Would appreciate the assistance.
Thanks.
Leonardo Daniel Sancho
May 8, 2024, 5:13:46 PM5/8/24
to Wazuh | Mailing List
Hello Miran Ul Haq, could you please provide us with the rule and decoder that is being used to generate alerts on this event? As well as the raw log from the device?
One way to obtain said log if you don't have access to the device would be to enable Archives. The Wazuh archives refer to the storage files created by the Wazuh server that contain logs, alerts, and other security-related data collected from monitored endpoints. Wazuh archives store all events received by the Wazuh server, whether or not they trip a rule. Wazuh archives are useful for threat hunting, as security teams use archived logs to review historical data of security incidents, analyze trends, and generate reports.

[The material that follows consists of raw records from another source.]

Lemma fpoly_ev m : fpoly a m = evl a fS m.
Proof.
rewrite /fpoly big_ord5 /vtx !val_inord // /evl !big_cons big_nil /= !evp_const /evp !big_seq1.
have zC1 : zC 1%Z = 1 :> C by [].
have zCN1 : zC (-1)%Z = -1 :> C by [].
rewrite zC1 !zCN1 /evm /= !expr0 !expr1.
case: (m == (0,0,0)); case: (m == (1,0,0)); case: (m == (0,1,0));
case: (m == (-1,-1,0)); case: (m == (0,0,1)); case: (m == (1,1,-1)); ring.
Qed.

Lemma fpoly_out m : m \notin suppf -> fpoly a m = 0.
Proof. by rewrite fpoly_ev; apply: evl_out. Qed.

Lemma Fi_ev i m : Fi a i m = evl a (zl_theta i fS) m.
Proof. by rewrite -evl_theta /Fi /theta fpoly_ev. Qed.

Lemma inS_Fi i : inS 1 (Fi a i).
Proof.
move=> m; rewrite /Fi /theta.
by have [/in_kDelta_suppf //|/fpoly_out ->] := boolP (m \in suppf); rewrite mulr0 eqxx.
Qed.

End SDelta.

Fixpoint detn (R : comNzRingType) (n : nat) (A : nat -> nat -> R) : R :=
  if n is n'.+1 then
    foldr (fun j d => (-1) ^+ j * A 0 j * detn n' (fun i k => A i.+1 (bump j k)) + d)
      0 (iota 0 n)
  else 1.

Lemma detnS (R : comNzRingType) n (A : nat -> nat -> R) :
  detn n.+1 A = \sum_(j < n.+1) (-1) ^+ j * A 0 j * detn n (fun i k => A i.+1 (bump j k)).
Proof.
pose F j := (-1) ^+ j * A 0 j * detn n (fun i k => A i.+1 (bump j k)).
have -> : detn n.+1 A = foldr (fun j d => F j + d) 0 (iota 0 n.+1) by [].
rewrite -(big_mkord xpredT F) /index_iota subn0.
by elim: (iota 0 n.+1) => [|j s IH] /=; rewrite ?big_nil ?big_cons ?IH.
Qed.

Lemma det_mx_detn (R : comNzRingType) n (A : nat -> nat -> R) :
  \det (\matrix_(i < n, j < n) A i j) = detn n A.
Proof.
elim: n A => [|n IH] A; first by rewrite det_mx00.
rewrite (expand_det_row _ ord0) detnS; apply: eq_bigr => j _.
rewrite mxE /cofactor /= add0n -IH mulrCA mulrA; congr (_ * \det _).
by apply/matrixP => i k; rewrite !mxE.
Qed.

Lemma detn_intr (R : comNzRingType) n (A : nat -> nat -> int) :
  detn n (fun i j => (A i j)%:~R : R) = (detn n A)%:~R.
Proof.
elim: n A => [|n IH] A //.
by rewrite !detnS rmorph_sum; apply: eq_bigr => j _; rewrite !rmorphM /= intr_sign IH.
Qed.

Definition quad := (pt * pt * pt * pt)%type.
Definition quads : seq quad :=
  [seq (q, p) | q <- [seq (q, p) | q <- [seq (p, p') | p <- suppf, p' <- suppf],
                                   p <- suppf], p <- suppf].
Definition quad_pts (q : quad) : seq pt := [:: q.1.1.1; q.1.1.2; q.1.2; q.2].
Definition quad_sum (q : quad) : pt :=
  padd (padd (padd (padd (0, 0, 0) q.2) q.1.2) q.1.1.2) q.1.1.1.
Definition quad_wt (q : quad) (i j : nat) : int := wtn j (nth (0, 0, 0) (quad_pts q) i).
Definition quad_coef (q : quad) : zpoly :=
  zp_mul (zp_const (Z_of_int
      (wtn 0 q.1.1.1 * (wtn 1 q.1.1.2 * (wtn 2 q.1.2 * (wtn 3 q.2 * detn 4 (quad_wt q)))))))
    (zp_mul (zl_coef fS q.1.1.1)
      (zp_mul (zl_coef fS q.1.1.2) (zp_mul (zl_coef fS q.1.2) (zl_coef fS q.2)))).
Definition HS : zlaurent := [seq (quad_sum q, quad_coef q) | q <- quads].

Lemma suppf_box1 : {subset suppf <= box1}.
Proof. by apply/allP. Qed.

Lemma big_ord4 (R : Type) (idx : R) (op : Monoid.law idx) (F : 'I_4 -> R) :
  \big[op/idx]_(i < 4) F i =
  op (F (inord 0)) (op (F (inord 1)) (op (F (inord 2)) (op (F (inord 3)) idx))).
Proof.
rewrite !big_ord_recl big_ord0.
by do 4?[congr (op (F _) _); first by apply/val_inj; rewrite /= inordK].
Qed.

Lemma enum_ord4 : enum 'I_4 = [:: inord 0; inord 1; inord 2; inord 3].
Proof. by apply: (inj_map val_inj); rewrite val_enum_ord /= !inordK. Qed.

Section Hessian.
Context {C : numClosedFieldType} (a : 'I_5 -> C).

Lemma lprod4 (g0 g1 g2 g3 : lpoly C) m :
  (forall q, q \notin suppf -> g0 q = 0) -> (forall q, q \notin suppf -> g1 q = 0) ->
  (forall q, q \notin suppf -> g2 q = 0) -> (forall q, q \notin suppf -> g3 q = 0) ->
  lprod [:: g0; g1; g2; g3] m =
  \sum_(q <- quads) (m == quad_sum q)%:R * (g0 q.1.1.1 * (g1 q.1.1.2 * (g2 q.1.2 * g3 q.2))).
Proof.
move=> g0f g1f g2f g3f; cbn [lprod].
have E g h m' := @lpmul1E C suppf g h m' isT suppf_box1.
rewrite (E _ _ _ g0f); under eq_bigr => q0 _ do rewrite (E _ _ _ g1f).
under eq_bigr => q0 _ do under eq_bigr => q1 _ do rewrite (E _ _ _ g2f).
under eq_bigr => q0 _ do under eq_bigr => q1 _ do under eq_bigr => q2 _ do rewrite (E _ _ _ g3f).
rewrite /quads !big_allpairs; apply: eq_bigr => q0 _; rewrite mulr_sumr.
apply: eq_bigr => q1 _; rewrite !mulr_sumr; apply: eq_bigr => q2 _.
rewrite !mulr_sumr; apply: eq_bigr => q3 _.
rewrite /mono /quad_sum /= !ptsub_eq.
by case: ifP => _; rewrite ?mulr1 ?mulr0 ?mul1r ?mul0r.
Qed.

Lemma det_Mf q :
  let p i := nth (0, 0, 0) (quad_pts q) i in
  \det (\matrix_(i, j) Mf a i j (p i)) =
  (\prod_(i < 4) ((wt i (p i))%:~R * fpoly a (p i))) * (detn 4 (quad_wt q))%:~R.
Proof.
move=> p; have -> : \matrix_(i, j) Mf a i j (p i) =
    diag_mx (\row_i ((wt i (p i))%:~R * fpoly a (p i))) *m
    \matrix_(i < 4, j < 4) ((quad_wt q i j)%:~R : C).
  by rewrite mul_diag_mx; apply/matrixP => i j; rewrite !mxE /Mf /theta /quad_wt; ring.
rewrite det_mulmx det_diag (@det_mx_detn C 4 (fun i j => (quad_wt q i j)%:~R)) detn_intr.
congr (_ * _).
by apply: eq_bigr => i _; rewrite mxE.
Qed.

Lemma Hprime_ev m : Hprime a m = evl a HS m.
Proof.
rewrite /Hprime /detlp enum_ord4.
have Mf_out i j q : q \notin suppf -> Mf a i j q = 0.
  by move=> qf; rewrite /Mf /theta fpoly_out // !mulr0.
under eq_bigr do rewrite (lprod4 _ (Mf_out _ _) (Mf_out _ _) (Mf_out _ _) (Mf_out _ _)).
under eq_bigr do rewrite mulr_sumr.
rewrite exchange_big /evl /HS big_map /=; apply: eq_bigr => q _.
under eq_bigr do rewrite mulrCA.
rewrite -mulr_sumr; case: eqP => _; rewrite ?mul0r // mul1r.
have -> : \sum_(s : 'S_4) (-1) ^+ s * (Mf a (inord 0) (s (inord 0)) q.1.1.1 *
      (Mf a (inord 1) (s (inord 1)) q.1.1.2 *
       (Mf a (inord 2) (s (inord 2)) q.1.2 * Mf a (inord 3) (s (inord 3)) q.2)))
   = \det (\matrix_(i, j) Mf a i j (nth (0, 0, 0) (quad_pts q) i)).
  rewrite /determinant; apply: eq_bigr => s _; congr (_ * _).
  by rewrite big_ord4 !mxE !inordK //= mulr1.
rewrite det_Mf /quad_coef !evpM evp_const /zC Z_of_intK -!evl_coef -!fpoly_ev !intrM.
(* the [set] keeps [/=] from unfolding [detn] *)
set d := detn 4 _; rewrite big_ord4 /= /wt !val_inord //.
ring.
Qed.
End Hessian.

(* Each entry of M_f lies in S^1, so a priori only H'_f \in S^4; degree 3 is read
   off the expansion. *)
Lemma Hprime_inS {C : numClosedFieldType} (a : 'I_5 -> C) : inS 3 (Hprime a).
Proof.
have HS_supp : zl_supp HS supp3 by vm_compute.
by move=> m; rewrite Hprime_ev; apply: (inS_evl in_kDelta_supp3 HS_supp).
Qed.

Section ToricResidue.
Context {C : numClosedFieldType} (a : 'I_5 -> C) (Res : lpoly C -> C).
Hypothesis ResP : is_toric_residue a Res.

Lemma Res_add g h : inS 3 g -> inS 3 h -> Res (lpadd g h) = Res g + Res h.
Proof.
case: ResP => Rext Rlin _ _ g3 h3; rewrite -[Res g]mul1r -Rlin //.
by apply: Rext => m; rewrite /lpadd /lpscale mul1r.
Qed.

Lemma Res_zero : Res (lpzero C) = 0.
Proof.
have [Rext _ _ _] := ResP.
have := Res_add (@inS_zero C 3) (@inS_zero C 3).
rewrite (Rext _ (lpzero C)) => [E|m]; last by rewrite /lpadd addr0.
by apply: (addrI (Res (lpzero C))); rewrite addr0 -E.
Qed.

Lemma Res_scale c g : inS 3 g -> Res (lpscale c g) = c * Res g.
Proof.
have [Rext Rlin _ _] := ResP; move=> g3.
rewrite -[RHS]addr0 -Res_zero -(Rlin _ _ _ g3 (@inS_zero C 3)).
by apply: Rext => m; rewrite /lpadd /lpzero addr0.
Qed.

Lemma Res_sum (I : Type) (s : seq I) (G : I -> lpoly C) :
  (forall i, inS 3 (G i)) -> Res (fun m => \sum_(i <- s) G i m) = \sum_(i <- s) Res (G i).
Proof.
move=> G3; have [Rext _ _ _] := ResP; elim: s => [|i s IH].
  by rewrite big_nil -[RHS]Res_zero; apply: Rext => m; rewrite big_nil.
rewrite big_cons -IH -Res_add //; last exact: inS_sum.
by apply: Rext => m; rewrite big_cons.
Qed.

Lemma Res_ideal (hs : 'I_4 -> lpoly C) :
  (forall i, inS 2 (hs i)) -> Res (fun m => \sum_(i < 4) lpmul 1 (Fi a i) (hs i) m) = 0.
Proof.
have [_ _ RF _] := ResP; move=> hs2.
rewrite Res_sum => [|i]; last exact: (inS_lpmul (@inS_Fi _ a i) (hs2 i)).
by rewrite big1 // => i _; apply: RF.
Qed.

Lemma Res_certificate g (hs : 'I_4 -> lpoly C) (d e : C) :
  inS 3 g -> (forall i, inS 2 (hs i)) ->
  (forall m, d * g m + e * Hprime a m = \sum_(i < 4) lpmul 1 (Fi a i) (hs i) m) ->
  d * Res g + e * VolDelta%:R = 0.
Proof.
have [Rext _ _ RH] := ResP; move=> g3 hs2 E.
have H3 := Hprime_inS (a := a).
rewrite -RH -(Res_scale d g3) -(Res_scale e H3) -Res_add; try exact: inS_scale.
by rewrite -(Res_ideal hs2); apply: Rext => m; apply: E.
Qed.
End ToricResidue.


Section Factors.
Context {C : numClosedFieldType} (a : 'I_5 -> C).
Local Notation a1 := (a (inord 0)).
Local Notation a2 := (a (inord 1)).
Local Notation a3 := (a (inord 2)).
Local Notation a4 := (a (inord 3)).
Local Notation a5 := (a (inord 4)).

(* The discriminant of the quadrilateral facet conv{v1, v2, v4, v5}, v1 + v2 = v4 + v5. *)
Definition dface : C := a1 * a2 - a4 * a5.
Definition dcore : C := 1 - 54 * a3 * (a1 * a2 + a4 * a5) + 729 * a3 ^+ 2 * dface ^+ 2.
Definition ncore : C := 1 - 27 * a1 * a2 * a3 - 81 * a3 * a4 * a5.

Lemma EA_factor : EA a = a1 ^+ 3 * a2 ^+ 3 * a3 ^+ 4 * a4 ^+ 3 * a5 ^+ 3 * dface * dcore.
Proof. by rewrite /EA /dcore /dface; ring. Qed.

Lemma Rnum_factor : Rnum a = a1 ^+ 4 * a2 ^+ 4 * a3 ^+ 4 * a4 ^+ 3 * a5 ^+ 3 * ncore.
Proof. by rewrite /Rnum /ncore; ring. Qed.

Lemma EA_neq0_factors : EA a != 0 -> [/\ a5 != 0, dface != 0 & dcore != 0].
Proof.
by move=> EA0; split; apply: contraNneq EA0 => z; apply/eqP; rewrite EA_factor z; ring.
Qed.

End Factors.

By default, Wazuh archives are disabled because they store a large number of logs on the Wazuh server. When enabled, Wazuh archives allow organizations to store and retain security data for compliance and forensic purposes. You can read more about it here: https://documentation.wazuh.com/current/user-manual/manager/wazuh-archives.html
I'll be waiting for your answer to further continue the troubleshooting process.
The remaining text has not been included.